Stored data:
────────────────
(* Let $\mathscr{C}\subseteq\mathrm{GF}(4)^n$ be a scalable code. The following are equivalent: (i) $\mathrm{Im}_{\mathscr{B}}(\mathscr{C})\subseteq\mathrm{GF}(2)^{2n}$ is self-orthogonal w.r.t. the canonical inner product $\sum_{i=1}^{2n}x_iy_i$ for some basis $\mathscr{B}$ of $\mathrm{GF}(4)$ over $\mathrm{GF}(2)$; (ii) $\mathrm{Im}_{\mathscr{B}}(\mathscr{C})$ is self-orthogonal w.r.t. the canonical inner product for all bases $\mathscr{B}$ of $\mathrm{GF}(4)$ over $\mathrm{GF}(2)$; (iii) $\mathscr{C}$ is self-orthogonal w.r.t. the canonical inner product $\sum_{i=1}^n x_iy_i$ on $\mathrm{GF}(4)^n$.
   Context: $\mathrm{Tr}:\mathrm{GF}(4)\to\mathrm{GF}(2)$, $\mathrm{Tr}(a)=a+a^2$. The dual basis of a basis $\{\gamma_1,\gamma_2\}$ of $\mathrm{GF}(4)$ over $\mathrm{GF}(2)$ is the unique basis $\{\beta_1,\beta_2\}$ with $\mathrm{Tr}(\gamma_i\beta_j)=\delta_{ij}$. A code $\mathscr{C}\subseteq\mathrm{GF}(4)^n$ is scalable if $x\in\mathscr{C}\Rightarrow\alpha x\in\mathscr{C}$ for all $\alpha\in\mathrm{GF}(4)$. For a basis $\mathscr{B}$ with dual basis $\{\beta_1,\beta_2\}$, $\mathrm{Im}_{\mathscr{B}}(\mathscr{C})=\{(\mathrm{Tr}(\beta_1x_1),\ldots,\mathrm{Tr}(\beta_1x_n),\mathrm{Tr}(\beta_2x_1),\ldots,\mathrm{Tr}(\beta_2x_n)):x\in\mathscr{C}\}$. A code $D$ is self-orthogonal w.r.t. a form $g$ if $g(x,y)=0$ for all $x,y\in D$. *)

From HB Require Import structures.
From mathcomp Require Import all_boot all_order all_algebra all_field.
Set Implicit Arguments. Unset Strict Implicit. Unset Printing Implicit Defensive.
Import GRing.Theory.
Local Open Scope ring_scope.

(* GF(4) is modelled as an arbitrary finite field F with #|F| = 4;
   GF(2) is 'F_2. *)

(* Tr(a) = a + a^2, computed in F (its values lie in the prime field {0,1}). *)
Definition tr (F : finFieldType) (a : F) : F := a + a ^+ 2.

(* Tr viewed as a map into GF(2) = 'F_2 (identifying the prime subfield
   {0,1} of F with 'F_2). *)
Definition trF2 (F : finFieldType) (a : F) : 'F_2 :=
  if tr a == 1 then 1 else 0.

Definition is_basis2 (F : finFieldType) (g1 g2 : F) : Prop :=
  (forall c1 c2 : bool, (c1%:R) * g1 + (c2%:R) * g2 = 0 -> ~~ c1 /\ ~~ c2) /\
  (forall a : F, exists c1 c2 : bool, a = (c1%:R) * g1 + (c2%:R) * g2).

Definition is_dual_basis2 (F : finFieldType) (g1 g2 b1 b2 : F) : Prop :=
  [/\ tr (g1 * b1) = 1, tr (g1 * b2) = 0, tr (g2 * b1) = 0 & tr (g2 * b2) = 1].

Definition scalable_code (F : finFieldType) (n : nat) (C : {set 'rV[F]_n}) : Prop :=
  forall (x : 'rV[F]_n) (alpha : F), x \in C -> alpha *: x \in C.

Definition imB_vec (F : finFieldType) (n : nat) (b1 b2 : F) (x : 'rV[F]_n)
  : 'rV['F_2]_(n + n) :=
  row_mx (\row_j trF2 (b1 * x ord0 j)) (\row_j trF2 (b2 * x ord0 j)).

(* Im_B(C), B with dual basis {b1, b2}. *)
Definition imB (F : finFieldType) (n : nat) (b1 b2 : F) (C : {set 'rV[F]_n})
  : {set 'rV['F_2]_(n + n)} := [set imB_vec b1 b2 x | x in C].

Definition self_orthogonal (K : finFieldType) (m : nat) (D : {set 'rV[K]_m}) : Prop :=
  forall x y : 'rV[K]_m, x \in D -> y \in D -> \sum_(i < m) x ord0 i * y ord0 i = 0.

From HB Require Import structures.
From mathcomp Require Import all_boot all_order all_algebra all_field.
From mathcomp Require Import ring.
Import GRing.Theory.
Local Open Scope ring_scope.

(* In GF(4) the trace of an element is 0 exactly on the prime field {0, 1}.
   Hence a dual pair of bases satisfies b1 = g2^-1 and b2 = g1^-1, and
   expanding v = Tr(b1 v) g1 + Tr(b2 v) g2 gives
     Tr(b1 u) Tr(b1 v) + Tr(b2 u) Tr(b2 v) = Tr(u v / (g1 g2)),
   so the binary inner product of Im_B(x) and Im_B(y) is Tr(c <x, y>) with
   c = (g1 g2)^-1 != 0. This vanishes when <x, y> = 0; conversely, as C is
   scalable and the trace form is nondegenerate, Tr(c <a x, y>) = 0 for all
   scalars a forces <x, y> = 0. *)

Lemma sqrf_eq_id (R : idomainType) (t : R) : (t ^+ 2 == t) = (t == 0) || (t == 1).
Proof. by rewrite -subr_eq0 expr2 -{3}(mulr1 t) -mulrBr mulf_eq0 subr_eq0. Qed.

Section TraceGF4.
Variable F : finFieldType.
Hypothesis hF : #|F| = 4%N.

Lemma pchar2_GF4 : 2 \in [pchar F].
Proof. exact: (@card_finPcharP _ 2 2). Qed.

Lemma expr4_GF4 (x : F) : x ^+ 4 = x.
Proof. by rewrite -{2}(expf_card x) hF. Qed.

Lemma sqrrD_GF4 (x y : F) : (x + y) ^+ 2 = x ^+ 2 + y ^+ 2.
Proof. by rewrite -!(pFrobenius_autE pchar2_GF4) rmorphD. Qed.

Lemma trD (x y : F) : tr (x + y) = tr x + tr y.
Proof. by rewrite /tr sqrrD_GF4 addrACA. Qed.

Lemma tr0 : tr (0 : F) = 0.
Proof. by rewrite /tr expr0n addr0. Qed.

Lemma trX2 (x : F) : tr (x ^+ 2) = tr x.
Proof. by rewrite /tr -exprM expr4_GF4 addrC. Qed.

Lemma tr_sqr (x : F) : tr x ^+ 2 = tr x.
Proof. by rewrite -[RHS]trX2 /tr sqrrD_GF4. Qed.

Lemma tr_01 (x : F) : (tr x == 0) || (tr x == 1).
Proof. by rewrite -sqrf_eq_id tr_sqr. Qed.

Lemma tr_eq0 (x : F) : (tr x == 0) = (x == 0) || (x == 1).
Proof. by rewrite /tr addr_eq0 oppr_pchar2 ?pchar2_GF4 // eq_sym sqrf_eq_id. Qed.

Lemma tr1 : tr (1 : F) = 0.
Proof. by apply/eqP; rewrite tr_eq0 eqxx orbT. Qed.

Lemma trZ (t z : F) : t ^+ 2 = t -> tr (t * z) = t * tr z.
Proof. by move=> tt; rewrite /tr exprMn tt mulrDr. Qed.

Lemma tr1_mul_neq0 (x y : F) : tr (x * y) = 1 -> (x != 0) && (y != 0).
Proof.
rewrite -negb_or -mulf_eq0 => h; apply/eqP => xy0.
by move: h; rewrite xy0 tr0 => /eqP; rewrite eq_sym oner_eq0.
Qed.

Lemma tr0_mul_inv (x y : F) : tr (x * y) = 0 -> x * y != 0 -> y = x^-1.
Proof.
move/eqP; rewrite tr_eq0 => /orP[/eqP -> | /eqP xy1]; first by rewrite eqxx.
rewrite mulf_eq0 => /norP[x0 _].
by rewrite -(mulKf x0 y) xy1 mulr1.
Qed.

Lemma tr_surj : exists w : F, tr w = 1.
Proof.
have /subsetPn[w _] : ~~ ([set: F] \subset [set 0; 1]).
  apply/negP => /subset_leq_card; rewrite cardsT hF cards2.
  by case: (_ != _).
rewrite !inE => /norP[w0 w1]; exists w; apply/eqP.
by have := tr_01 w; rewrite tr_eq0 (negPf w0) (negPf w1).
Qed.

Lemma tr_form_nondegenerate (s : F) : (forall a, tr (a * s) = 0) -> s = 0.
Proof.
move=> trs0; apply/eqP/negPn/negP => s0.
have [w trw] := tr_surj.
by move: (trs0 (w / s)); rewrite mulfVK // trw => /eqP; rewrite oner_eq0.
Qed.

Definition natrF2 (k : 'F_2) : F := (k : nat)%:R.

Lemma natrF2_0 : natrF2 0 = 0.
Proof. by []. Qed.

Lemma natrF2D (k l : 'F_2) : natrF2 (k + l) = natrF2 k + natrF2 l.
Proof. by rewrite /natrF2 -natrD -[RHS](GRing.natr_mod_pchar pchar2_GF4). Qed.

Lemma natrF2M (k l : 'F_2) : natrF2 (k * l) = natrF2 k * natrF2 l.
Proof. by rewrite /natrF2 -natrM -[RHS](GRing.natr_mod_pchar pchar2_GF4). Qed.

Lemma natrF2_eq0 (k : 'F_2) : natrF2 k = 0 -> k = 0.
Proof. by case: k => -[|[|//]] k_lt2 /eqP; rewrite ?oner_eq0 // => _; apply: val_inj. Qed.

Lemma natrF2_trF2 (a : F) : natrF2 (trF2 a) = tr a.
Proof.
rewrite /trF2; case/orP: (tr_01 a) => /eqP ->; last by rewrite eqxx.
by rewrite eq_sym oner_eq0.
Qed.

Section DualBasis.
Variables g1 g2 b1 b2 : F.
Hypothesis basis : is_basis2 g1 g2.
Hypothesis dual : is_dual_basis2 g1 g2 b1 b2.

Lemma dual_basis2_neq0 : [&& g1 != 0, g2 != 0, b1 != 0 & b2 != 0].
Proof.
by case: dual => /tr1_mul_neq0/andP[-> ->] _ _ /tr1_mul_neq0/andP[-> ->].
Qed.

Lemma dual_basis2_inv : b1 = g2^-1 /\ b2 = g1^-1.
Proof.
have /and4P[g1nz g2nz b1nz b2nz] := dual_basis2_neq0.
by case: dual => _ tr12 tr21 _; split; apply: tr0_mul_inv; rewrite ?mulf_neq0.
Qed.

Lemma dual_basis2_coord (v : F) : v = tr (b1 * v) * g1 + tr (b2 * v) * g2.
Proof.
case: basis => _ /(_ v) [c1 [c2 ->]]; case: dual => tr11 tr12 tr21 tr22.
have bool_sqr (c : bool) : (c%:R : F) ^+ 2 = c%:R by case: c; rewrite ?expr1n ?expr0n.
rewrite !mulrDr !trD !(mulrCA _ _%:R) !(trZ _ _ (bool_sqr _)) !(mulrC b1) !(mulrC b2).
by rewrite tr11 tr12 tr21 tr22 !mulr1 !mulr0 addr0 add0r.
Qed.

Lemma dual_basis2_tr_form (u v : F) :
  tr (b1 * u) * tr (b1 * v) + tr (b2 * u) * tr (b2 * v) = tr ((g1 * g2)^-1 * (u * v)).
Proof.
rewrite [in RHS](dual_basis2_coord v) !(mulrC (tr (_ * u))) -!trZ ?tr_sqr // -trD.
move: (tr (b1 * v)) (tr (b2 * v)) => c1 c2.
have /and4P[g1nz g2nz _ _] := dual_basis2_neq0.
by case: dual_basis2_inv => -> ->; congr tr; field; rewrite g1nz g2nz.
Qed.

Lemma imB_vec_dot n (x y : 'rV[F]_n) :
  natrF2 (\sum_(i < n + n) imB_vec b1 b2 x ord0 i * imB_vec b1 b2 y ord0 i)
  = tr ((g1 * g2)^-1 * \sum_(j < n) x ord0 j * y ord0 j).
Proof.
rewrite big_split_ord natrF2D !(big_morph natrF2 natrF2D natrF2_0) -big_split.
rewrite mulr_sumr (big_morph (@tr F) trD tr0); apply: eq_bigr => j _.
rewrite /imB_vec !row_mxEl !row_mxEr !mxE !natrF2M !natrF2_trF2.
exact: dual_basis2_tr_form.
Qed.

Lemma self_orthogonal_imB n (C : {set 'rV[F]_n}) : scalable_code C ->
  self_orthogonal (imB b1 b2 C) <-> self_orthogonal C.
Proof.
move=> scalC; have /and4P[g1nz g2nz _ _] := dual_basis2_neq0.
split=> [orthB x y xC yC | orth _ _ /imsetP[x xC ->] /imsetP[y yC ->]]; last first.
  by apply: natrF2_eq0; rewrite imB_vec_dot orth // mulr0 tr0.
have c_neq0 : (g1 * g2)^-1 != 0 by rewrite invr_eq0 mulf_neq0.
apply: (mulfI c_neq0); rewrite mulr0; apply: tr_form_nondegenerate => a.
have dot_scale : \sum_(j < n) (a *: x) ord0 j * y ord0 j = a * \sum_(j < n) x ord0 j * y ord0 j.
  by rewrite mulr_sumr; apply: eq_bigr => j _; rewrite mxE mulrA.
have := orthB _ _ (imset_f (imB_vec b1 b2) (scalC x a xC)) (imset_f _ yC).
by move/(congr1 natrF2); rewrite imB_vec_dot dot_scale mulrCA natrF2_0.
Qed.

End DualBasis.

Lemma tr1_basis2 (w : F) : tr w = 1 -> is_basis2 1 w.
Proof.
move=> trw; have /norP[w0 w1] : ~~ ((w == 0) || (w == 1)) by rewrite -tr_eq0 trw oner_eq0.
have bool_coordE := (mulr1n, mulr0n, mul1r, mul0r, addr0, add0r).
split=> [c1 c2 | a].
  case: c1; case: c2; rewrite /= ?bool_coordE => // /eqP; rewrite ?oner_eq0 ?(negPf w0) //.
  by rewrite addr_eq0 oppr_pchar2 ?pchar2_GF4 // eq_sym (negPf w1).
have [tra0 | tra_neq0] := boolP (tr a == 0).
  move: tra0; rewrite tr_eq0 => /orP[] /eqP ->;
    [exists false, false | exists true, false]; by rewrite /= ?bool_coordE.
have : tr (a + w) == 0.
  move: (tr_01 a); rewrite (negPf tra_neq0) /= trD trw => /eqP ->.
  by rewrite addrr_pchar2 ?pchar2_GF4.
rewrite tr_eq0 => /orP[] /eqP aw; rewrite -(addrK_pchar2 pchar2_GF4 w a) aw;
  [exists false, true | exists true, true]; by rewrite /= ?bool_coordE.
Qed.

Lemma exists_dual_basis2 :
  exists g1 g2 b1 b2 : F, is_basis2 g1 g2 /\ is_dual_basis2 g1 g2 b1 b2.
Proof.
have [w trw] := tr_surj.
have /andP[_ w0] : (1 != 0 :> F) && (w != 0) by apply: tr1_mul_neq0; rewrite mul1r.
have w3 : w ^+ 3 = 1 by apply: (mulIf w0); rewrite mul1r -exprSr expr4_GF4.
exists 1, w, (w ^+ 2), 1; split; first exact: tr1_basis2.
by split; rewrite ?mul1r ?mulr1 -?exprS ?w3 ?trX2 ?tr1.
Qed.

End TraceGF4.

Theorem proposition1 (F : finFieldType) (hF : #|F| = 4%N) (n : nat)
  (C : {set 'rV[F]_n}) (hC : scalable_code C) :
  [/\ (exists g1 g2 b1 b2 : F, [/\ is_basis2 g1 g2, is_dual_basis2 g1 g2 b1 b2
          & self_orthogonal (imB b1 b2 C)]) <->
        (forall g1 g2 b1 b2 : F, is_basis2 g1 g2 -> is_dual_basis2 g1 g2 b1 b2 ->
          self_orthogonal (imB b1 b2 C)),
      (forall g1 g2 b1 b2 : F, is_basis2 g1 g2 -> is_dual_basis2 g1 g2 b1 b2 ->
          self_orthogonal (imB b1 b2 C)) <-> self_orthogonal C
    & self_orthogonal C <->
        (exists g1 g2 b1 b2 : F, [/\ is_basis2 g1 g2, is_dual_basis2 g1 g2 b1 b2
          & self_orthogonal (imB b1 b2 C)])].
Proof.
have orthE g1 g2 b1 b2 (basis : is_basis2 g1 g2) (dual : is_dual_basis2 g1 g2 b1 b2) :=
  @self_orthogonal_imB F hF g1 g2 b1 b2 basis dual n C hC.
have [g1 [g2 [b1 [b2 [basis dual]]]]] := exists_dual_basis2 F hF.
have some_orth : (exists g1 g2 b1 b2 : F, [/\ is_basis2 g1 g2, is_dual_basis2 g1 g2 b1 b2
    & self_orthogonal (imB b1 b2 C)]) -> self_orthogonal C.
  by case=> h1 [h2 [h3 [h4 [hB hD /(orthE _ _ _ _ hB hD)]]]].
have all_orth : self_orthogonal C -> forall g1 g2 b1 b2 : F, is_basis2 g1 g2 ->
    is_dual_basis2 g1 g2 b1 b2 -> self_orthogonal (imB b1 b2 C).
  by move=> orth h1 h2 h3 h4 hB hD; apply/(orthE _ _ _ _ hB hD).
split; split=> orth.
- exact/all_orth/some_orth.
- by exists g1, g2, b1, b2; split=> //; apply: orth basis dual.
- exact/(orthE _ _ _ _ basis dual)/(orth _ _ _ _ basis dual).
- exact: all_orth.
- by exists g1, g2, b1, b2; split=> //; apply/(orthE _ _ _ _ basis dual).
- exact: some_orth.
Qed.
────────────────
== What to produce ==
Beginning at the line with "rewrite [in RHS](dual_basis2_coord" and ending at the line with "Lemma imB_vec_dot n", reproduce each line of the data above exactly, and add no other lines.

== Response box ==
rewrite [in RHS](dual_basis2_coord v) !(mulrC (tr (_ * u))) -!trZ ?tr_sqr // -trD.
move: (tr (b1 * v)) (tr (b2 * v)) => c1 c2.
have /and4P[g1nz g2nz _ _] := dual_basis2_neq0.
by case: dual_basis2_inv => -> ->; congr tr; field; rewrite g1nz g2nz.
Qed.

Lemma imB_vec_dot n (x y : 'rV[F]_n) :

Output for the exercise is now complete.